__Given records__:
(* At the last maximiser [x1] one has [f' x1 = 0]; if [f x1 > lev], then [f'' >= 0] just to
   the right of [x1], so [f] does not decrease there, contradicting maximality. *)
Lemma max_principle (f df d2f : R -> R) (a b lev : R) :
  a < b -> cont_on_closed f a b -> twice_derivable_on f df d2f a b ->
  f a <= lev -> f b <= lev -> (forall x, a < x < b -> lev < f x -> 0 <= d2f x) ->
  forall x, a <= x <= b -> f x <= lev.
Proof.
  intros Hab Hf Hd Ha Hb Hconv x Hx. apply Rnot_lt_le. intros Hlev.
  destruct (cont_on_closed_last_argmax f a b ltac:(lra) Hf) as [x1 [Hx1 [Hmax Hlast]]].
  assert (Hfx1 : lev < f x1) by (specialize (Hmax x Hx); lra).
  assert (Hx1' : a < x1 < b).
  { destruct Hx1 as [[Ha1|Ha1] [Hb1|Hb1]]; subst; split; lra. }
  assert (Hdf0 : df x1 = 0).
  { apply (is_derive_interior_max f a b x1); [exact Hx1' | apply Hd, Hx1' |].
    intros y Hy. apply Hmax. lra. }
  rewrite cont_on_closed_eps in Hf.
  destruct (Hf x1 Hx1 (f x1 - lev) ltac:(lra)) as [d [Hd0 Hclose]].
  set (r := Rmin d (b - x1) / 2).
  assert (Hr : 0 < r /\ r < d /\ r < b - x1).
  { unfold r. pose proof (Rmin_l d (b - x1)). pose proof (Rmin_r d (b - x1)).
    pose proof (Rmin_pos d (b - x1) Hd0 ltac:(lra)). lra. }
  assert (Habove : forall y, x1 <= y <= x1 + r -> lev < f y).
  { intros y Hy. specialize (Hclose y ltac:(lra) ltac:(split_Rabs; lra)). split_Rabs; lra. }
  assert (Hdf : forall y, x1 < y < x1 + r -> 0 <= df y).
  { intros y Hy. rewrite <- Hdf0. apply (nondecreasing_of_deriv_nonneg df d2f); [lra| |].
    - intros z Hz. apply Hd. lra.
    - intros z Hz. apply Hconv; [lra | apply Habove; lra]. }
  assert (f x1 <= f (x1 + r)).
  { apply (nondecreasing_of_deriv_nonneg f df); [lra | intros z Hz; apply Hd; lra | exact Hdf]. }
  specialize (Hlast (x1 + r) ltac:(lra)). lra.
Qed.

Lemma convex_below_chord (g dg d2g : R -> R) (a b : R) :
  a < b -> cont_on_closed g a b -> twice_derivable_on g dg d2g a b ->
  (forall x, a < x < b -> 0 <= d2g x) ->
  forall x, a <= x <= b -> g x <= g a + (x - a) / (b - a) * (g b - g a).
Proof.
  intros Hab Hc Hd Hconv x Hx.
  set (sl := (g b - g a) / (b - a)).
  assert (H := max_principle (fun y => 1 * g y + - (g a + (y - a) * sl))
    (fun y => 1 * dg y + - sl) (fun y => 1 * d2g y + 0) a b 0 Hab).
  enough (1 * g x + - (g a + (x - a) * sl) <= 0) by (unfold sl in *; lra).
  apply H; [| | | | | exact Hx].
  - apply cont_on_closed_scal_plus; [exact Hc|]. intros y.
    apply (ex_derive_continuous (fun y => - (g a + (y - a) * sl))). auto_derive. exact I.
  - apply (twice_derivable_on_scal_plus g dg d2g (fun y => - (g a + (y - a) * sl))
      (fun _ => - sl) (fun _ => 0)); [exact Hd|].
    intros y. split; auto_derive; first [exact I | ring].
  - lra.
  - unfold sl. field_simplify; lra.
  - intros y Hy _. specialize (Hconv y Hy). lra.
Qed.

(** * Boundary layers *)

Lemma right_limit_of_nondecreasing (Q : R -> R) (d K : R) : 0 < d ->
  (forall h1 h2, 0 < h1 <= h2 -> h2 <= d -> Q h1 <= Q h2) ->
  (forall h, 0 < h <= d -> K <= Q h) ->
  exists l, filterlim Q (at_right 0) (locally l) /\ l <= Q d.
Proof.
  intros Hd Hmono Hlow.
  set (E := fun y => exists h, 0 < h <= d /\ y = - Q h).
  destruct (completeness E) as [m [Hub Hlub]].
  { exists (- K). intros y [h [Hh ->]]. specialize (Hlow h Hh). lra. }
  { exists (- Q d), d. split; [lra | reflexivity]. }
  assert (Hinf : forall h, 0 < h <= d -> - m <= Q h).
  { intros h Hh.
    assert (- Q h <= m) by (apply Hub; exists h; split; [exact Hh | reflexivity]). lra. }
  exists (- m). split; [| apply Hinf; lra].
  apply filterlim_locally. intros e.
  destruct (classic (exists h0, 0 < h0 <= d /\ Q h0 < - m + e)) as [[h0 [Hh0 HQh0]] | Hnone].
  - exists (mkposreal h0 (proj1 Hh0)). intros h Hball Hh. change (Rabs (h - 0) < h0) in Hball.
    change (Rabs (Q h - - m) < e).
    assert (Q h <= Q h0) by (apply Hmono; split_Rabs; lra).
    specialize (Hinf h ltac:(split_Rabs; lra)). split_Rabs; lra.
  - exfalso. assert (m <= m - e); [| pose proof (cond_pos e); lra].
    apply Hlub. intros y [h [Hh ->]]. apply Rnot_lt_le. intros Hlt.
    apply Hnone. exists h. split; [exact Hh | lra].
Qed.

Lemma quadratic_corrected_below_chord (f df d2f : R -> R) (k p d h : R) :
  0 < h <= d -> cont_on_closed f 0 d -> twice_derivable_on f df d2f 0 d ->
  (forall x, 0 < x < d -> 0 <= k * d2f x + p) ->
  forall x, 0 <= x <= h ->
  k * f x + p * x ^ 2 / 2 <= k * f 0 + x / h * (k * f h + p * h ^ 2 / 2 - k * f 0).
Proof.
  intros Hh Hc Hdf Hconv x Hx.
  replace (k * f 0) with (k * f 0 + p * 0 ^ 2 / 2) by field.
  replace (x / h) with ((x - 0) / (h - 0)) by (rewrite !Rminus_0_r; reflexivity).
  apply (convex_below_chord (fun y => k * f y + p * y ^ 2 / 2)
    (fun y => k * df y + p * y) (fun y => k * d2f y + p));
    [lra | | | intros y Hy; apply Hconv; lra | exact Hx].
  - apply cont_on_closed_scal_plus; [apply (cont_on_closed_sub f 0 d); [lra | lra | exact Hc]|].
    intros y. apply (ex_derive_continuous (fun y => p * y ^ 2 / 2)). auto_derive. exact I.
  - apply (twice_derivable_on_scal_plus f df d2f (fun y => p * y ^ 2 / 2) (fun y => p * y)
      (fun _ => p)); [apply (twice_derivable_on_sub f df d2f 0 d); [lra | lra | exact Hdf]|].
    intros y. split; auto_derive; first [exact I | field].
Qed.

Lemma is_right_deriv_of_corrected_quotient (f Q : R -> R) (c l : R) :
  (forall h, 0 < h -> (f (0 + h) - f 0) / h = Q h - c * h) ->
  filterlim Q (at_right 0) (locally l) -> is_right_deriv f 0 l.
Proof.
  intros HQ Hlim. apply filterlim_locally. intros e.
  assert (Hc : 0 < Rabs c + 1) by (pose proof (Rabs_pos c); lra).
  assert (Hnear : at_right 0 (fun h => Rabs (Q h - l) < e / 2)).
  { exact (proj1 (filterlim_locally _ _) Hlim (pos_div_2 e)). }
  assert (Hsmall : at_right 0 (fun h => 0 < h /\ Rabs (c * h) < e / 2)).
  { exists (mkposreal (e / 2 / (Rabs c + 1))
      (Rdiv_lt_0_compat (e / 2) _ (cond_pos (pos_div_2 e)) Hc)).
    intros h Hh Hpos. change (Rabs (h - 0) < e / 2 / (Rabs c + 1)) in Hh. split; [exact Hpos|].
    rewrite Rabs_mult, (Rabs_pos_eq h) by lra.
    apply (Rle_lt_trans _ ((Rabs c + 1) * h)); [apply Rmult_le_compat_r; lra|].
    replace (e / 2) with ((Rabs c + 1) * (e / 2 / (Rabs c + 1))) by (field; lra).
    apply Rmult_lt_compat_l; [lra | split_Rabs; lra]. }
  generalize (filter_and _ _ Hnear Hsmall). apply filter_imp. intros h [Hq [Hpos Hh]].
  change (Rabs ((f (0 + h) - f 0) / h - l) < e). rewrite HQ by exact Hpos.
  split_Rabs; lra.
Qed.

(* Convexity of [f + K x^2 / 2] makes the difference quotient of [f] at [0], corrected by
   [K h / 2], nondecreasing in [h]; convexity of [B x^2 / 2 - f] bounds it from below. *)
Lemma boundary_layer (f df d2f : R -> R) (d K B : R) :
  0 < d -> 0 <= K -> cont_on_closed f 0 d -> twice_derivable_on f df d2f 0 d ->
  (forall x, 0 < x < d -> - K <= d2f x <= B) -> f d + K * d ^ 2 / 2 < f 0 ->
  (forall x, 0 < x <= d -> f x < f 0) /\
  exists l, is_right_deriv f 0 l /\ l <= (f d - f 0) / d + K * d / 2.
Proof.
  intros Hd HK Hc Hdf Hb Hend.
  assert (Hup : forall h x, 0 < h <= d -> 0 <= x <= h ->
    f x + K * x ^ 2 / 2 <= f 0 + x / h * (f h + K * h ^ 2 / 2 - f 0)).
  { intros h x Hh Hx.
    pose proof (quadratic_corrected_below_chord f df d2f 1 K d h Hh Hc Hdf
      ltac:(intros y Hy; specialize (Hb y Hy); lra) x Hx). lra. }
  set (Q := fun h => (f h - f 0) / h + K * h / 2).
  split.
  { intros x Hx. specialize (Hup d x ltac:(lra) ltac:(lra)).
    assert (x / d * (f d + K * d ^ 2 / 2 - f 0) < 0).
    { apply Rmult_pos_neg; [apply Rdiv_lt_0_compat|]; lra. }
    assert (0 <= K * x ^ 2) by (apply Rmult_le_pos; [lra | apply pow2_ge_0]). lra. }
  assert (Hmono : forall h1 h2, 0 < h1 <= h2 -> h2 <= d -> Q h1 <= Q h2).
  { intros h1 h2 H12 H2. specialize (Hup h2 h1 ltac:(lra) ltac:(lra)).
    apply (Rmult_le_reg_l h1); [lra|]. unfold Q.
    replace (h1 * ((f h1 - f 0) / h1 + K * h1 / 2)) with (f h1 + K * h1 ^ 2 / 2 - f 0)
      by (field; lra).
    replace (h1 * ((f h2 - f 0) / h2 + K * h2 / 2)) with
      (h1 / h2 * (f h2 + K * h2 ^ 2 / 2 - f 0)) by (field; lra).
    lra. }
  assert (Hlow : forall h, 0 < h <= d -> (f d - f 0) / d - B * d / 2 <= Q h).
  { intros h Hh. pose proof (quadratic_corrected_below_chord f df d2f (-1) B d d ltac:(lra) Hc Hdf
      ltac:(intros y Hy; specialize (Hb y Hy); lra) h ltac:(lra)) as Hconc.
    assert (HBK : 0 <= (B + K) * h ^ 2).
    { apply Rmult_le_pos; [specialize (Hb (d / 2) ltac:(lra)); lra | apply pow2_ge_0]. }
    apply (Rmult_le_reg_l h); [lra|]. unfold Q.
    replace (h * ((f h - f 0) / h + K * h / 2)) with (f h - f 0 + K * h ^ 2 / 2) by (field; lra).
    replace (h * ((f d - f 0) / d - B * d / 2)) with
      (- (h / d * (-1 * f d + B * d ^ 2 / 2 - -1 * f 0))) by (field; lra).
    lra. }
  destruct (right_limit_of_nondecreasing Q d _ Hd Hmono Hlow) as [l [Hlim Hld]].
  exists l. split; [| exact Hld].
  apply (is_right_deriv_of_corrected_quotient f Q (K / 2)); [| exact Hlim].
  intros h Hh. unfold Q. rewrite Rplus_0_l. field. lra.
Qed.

__What the task asks__: The task here is to output the line with "replace (h * ((f h" and all lines after it to the end of the records above, exactly and only those.

__Output for this task__:
    replace (h * ((f h - f 0) / h + K * h / 2)) with (f h - f 0 + K * h ^ 2 / 2) by (field; lra).
    replace (h * ((f d - f 0) / d - B * d / 2)) with
      (- (h / d * (-1 * f d + B * d ^ 2 / 2 - -1 * f 0))) by (field; lra).
    lra. }
  destruct (right_limit_of_nondecreasing Q d _ Hd Hmono Hlow) as [l [Hlim Hld]].
  exists l. split; [| exact Hld].
  apply (is_right_deriv_of_corrected_quotient f Q (K / 2)); [| exact Hlim].
  intros h Hh. unfold Q. rewrite Rplus_0_l. field. lra.
Qed.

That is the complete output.